> _WHAT YOU ARE ASKED TO DO_
Your response should contain every line from the data below that holds the string "basis".

> _AVAILABLE RECORDS_

-------

(* Let $F$ be a field, $G$ a finite group, $V$ a finite-dimensional $FG$-module, $R:=S[V]^G$, and let $\mathcal F=\{f_1,\dots,f_n\}\subseteq R$ be a homogeneous system of parameters of $R$. Let $H\le G$ be a subgroup with $\mathrm{char}(F)\nmid[G\colon H]$ and put $S:=S[V]^H$. Let $\pi\colon R\to S/(\sum_{i=1}^n f_iS)$ be the composition of the inclusion $R\subseteq S$ with the natural projection. Then $\ker(\pi)=F[\mathcal F]_+R$, where $F[\mathcal F]_+$ is the ideal of the polynomial algebra $F[\mathcal F]$ generated by $f_1,\dots,f_n$. Consequently $\pi$ induces an injective map $R/F[\mathcal F]_+R\to S/(\sum_i f_iS)$; so if moreover $R$ is Cohen–Macaulay and $\mathcal G\subseteq R$ is a set of homogeneous elements whose cardinality and multiset of degrees agree with those of a minimal homogeneous generating set of the $F[\mathcal F]$-module $R$, then $\mathcal G$ generates $R$ as an $F[\mathcal F]$-module if and only if $\pi(\mathcal G)$ is $F$-linearly independent in $S/(\sum_i f_iS)$.
   Context: $S[V]$ denotes the symmetric algebra over $V$ with induced $G$-action; $S[V]^G$, $S[V]^H$ the invariant subrings. A homogeneous system of parameters of $R$ is a set of $\dim R$ homogeneous elements of positive degree, algebraically independent, over whose generated polynomial subalgebra $R$ is a finitely generated module. $R$ is Cohen–Macaulay if it is a free module over this subalgebra. *)

From HB Require Import structures.
From mathcomp Require Import all_boot all_order all_algebra all_fingroup.
From mathcomp Require Import mxrepresentation.
From mathcomp Require Import mpoly.
Set Implicit Arguments. Unset Strict Implicit. Unset Printing Implicit Defensive.
Import Order.TTheory GRing.Theory.
Local Open Scope ring_scope.

(* S[V], for V = F^d (row vectors, basis e_0..e_(d-1)), is the polynomial
   ring {mpoly F[d]} in the basis vectors 'X_i = e_i.  A matrix A acts on V by
   v |-> v *m A, hence on the basis by e_i |-> sum_j A i j e_j, and this
   extends uniquely to an F-algebra endomorphism of S[V]. *)
Definition lin_act (F : fieldType) (d : nat) (A : 'M[F]_d) (p : {mpoly F[d]})
  : {mpoly F[d]} :=
  p \mPo [tuple \sum_(j < d) A i j *: 'X_j | i < d].

Definition invariants (F : fieldType) (gT : finGroupType) (G : {set gT})
  (d : nat) (rG : gT -> 'M[F]_d) (p : {mpoly F[d]}) : Prop :=
  forall g, g \in G -> lin_act (rG g) p = p.

Definition is_homog (F : fieldType) (d : nat) (p : {mpoly F[d]}) : Prop :=
  exists k : nat, p \is k.-homog.

Definition hdeg (F : fieldType) (d : nat) (p : {mpoly F[d]}) : nat :=
  (msize p).-1.

Definition polysub (F : fieldType) (d n : nat) (f : 'I_n -> {mpoly F[d]})
  (a : {mpoly F[d]}) : Prop :=
  exists P : {mpoly F[n]}, a = P \mPo [tuple f i | i < n].

Definition alg_indep (F : fieldType) (d n : nat) (f : 'I_n -> {mpoly F[d]})
  : Prop :=
  forall P : {mpoly F[n]}, P \mPo [tuple f i | i < n] = 0 -> P = 0.

Definition lin_comb (F : fieldType) (d : nat) (A : {mpoly F[d]} -> Prop)
  (gs : seq {mpoly F[d]}) (x : {mpoly F[d]}) : Prop :=
  exists a : 'I_(size gs) -> {mpoly F[d]},
    (forall j, A (a j)) /\ x = \sum_(j < size gs) a j * gs`_j.

Definition generates (F : fieldType) (d : nat) (A R : {mpoly F[d]} -> Prop)
  (gs : seq {mpoly F[d]}) : Prop :=
  (forall g, g \in gs -> R g) /\ (forall r, R r -> lin_comb A gs r).

Definition fin_gen_module (F : fieldType) (d : nat) (A R : {mpoly F[d]} -> Prop)
  : Prop := exists gs : seq {mpoly F[d]}, generates A R gs.

Definition hsop (F : fieldType) (d n : nat) (R : {mpoly F[d]} -> Prop)
  (f : 'I_n -> {mpoly F[d]}) : Prop :=
  [/\ forall i, R (f i),
      forall i, exists k : nat, (0 < k)%N /\ f i \is k.-homog,
      alg_indep f
    & fin_gen_module (polysub f) R].

Definition free_module (F : fieldType) (d : nat) (A R : {mpoly F[d]} -> Prop)
  : Prop :=
  exists B : seq {mpoly F[d]},
    generates A R B /\
    (forall a : 'I_(size B) -> {mpoly F[d]}, (forall j, A (a j)) ->
       \sum_(j < size B) a j * B`_j = 0 -> forall j, a j = 0).

Definition cohen_macaulay (F : fieldType) (d n : nat) (R : {mpoly F[d]} -> Prop)
  (f : 'I_n -> {mpoly F[d]}) : Prop := free_module (polysub f) R.

Definition Fplus (F : fieldType) (d n : nat) (f : 'I_n -> {mpoly F[d]})
  (a : {mpoly F[d]}) : Prop :=
  exists b : 'I_n -> {mpoly F[d]},
    (forall i, polysub f (b i)) /\ a = \sum_(i < n) f i * b i.

Definition FplusR (F : fieldType) (d n : nat) (f : 'I_n -> {mpoly F[d]})
  (R : {mpoly F[d]} -> Prop) (x : {mpoly F[d]}) : Prop :=
  exists s : seq ({mpoly F[d]} * {mpoly F[d]}),
    (forall q, q \in s -> Fplus f q.1 /\ R q.2) /\
    x = \sum_(q <- s) q.1 * q.2.

Definition in_ideal (F : fieldType) (d n : nat) (S : {mpoly F[d]} -> Prop)
  (f : 'I_n -> {mpoly F[d]}) (x : {mpoly F[d]}) : Prop :=
  exists s : 'I_n -> {mpoly F[d]},
    (forall i, S (s i)) /\ x = \sum_(i < n) f i * s i.

Definition min_homog_gen (F : fieldType) (d : nat) (A R : {mpoly F[d]} -> Prop)
  (hs : seq {mpoly F[d]}) : Prop :=
  [/\ uniq hs, forall h, h \in hs -> is_homog h, generates A R hs
    & forall hs', {subset hs' <= hs} -> generates A R hs' -> {subset hs <= hs'}].

Definition lin_indep_mod (F : fieldType) (d n : nat) (S : {mpoly F[d]} -> Prop)
  (f : 'I_n -> {mpoly F[d]}) (gs : seq {mpoly F[d]}) : Prop :=
  forall c : 'I_(size gs) -> F,
    in_ideal S f (\sum_(j < size gs) c j *: gs`_j) -> forall j, c j = 0.

From Stdlib Require ClassicalEpsilon.
From HB Require Import structures.
From mathcomp Require Import all_boot all_order all_algebra all_fingroup.
From mathcomp Require Import mxrepresentation.
From mathcomp Require Import mpoly.
Set Implicit Arguments. Unset Strict Implicit. Unset Printing Implicit Defensive.
Import Order.TTheory GRing.Theory.
Local Open Scope ring_scope.

(* The relative transfer Tr(s) = sum of g.s over representatives g of the
   cosets of H in G maps S[V]^H to R = S[V]^G, is R-linear, and multiplies
   R by [G:H], which is invertible in F.  So if r in R equals sum_i f_i s_i
   with s_i in S[V]^H, then r = [G:H]^-1 sum_i f_i Tr(s_i) lies in
   sum_i f_i R = F[f]_+ R; the converse inclusion is clear.
   For the second part put J = sum_i f_i R.  By the graded Nakayama lemma, a
   set of homogeneous elements of R generates R over F[f] iff its image spans
   R/J over F, so a minimal homogeneous generating set maps to an F-basis of
   R/J.  A set of the same cardinality therefore generates iff its image in
   R/J is linearly independent, i.e. (first part) iff its image in
   S[V]^H / sum_i f_i S[V]^H is. *)

Section HomogeneousComponents.
Variables (R : nzRingType) (n : nat) (mf : measure n).
Implicit Types (p q : {mpoly R[n]}).

Lemma pihomog_homog k e p :
  p \is e.-homog for mf -> pihomog mf k p = if e == k then p else 0.
Proof.
move=> hp; case: eqP => [<-|/eqP ne]; first exact: pihomog_dE.
exact: pihomog_ne0 ne hp.
Qed.

Lemma pihomogMl_homog k e p q : p \is e.-homog for mf ->
  pihomog mf k (p * q) = if (e <= k)%N then p * pihomog mf (k - e) q else 0.
Proof.
move=> hp.
have hq : (mmeasure mf q <= (mmeasure mf q + k).+1)%N by rewrite leqW ?leq_addr.
rewrite {1}(pihomog_partitionE hq) mulr_sumr linear_sum /=.
under eq_bigr => j _ do rewrite (pihomog_homog k (dhomogM hp (pihomogP mf j q))).
case: leqP => hek; last first.
  apply: big1 => j _; case: eqP => // ejk.
  by have := leq_addr j e; rewrite ejk leqNgt hek.
have hj : (k - e < (mmeasure mf q + k).+1)%N.
  by rewrite ltnS (leq_trans (leq_subr _ _)) ?leq_addl.
rewrite (bigD1 (Ordinal hj)) //= subnKC // eqxx big1 ?addr0 // => j /eqP nej.
case: eqP => // ejk; case: nej; apply: val_inj => /=.
by rewrite -[in RHS]ejk addKn.
Qed.

End HomogeneousComponents.

Section LinearAction.
Variables (F : fieldType) (d : nat).
Implicit Types (A B : 'M[F]_d) (p : {mpoly F[d]}).

Definition lin_tuple A : d.-tuple {mpoly F[d]} :=
  [tuple \sum_(j < d) A i j *: 'X_j | i < d].

HB.instance Definition _ A :=
  GRing.LRMorphism.copy (lin_act A) (comp_mpoly (lin_tuple A)).

Lemma lin_act_tuple A B i :
  lin_act B (tnth (lin_tuple A) i) = tnth (lin_tuple (A *m B)) i.
Proof.
rewrite !tnth_mktuple rmorph_sum /=.
under eq_bigr => j _ do
  rewrite linearZ /= [lin_act _ _]comp_mpolyXU -tnth_nth tnth_mktuple scaler_sumr.
rewrite exchange_big /=; apply: eq_bigr => k _.
by rewrite mxE scaler_suml; apply: eq_bigr => j _; rewrite scalerA.
Qed.

Lemma lin_act_mulmx A B p : lin_act (A *m B) p = lin_act B (lin_act A p).
Proof.
rewrite [lin_act A p]comp_mpolyE [RHS]linear_sum [LHS]comp_mpolyE /=.
apply: eq_bigr => m _; rewrite linearZ /= rmorph_prod; congr (_ *: _).
by apply: eq_bigr => i _; rewrite rmorphXn -[RHS]/(lin_act B _ ^+ _) lin_act_tuple.
Qed.

Lemma lin_act_monomial_homog A m : lin_act A 'X_[m] \is (mdeg m).-homog.
Proof.
rewrite [lin_act _ _]comp_mpolyX mdegE.
apply: (big_ind2 (fun p k => p \is k.-homog)) => [|p k q l|i _]; first exact: dhomog1.
  exact: dhomogM.
rewrite -[X in X.-homog]mul1n; apply: dhomogMn.
rewrite tnth_mktuple; apply: rpred_sum => j _; apply: rpredZ.
by rewrite dhomogX; apply/eqP; exact: mdeg1.
Qed.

-------

> _REPLY TO THE EXERCISE_
(* S[V], for V = F^d (row vectors, basis e_0..e_(d-1)), is the polynomial
   ring {mpoly F[d]} in the basis vectors 'X_i = e_i.  A matrix A acts on V by
   v |-> v *m A, hence on the basis by e_i |-> sum_j A i j e_j, and this
   R/J over F, so a minimal homogeneous generating set maps to an F-basis of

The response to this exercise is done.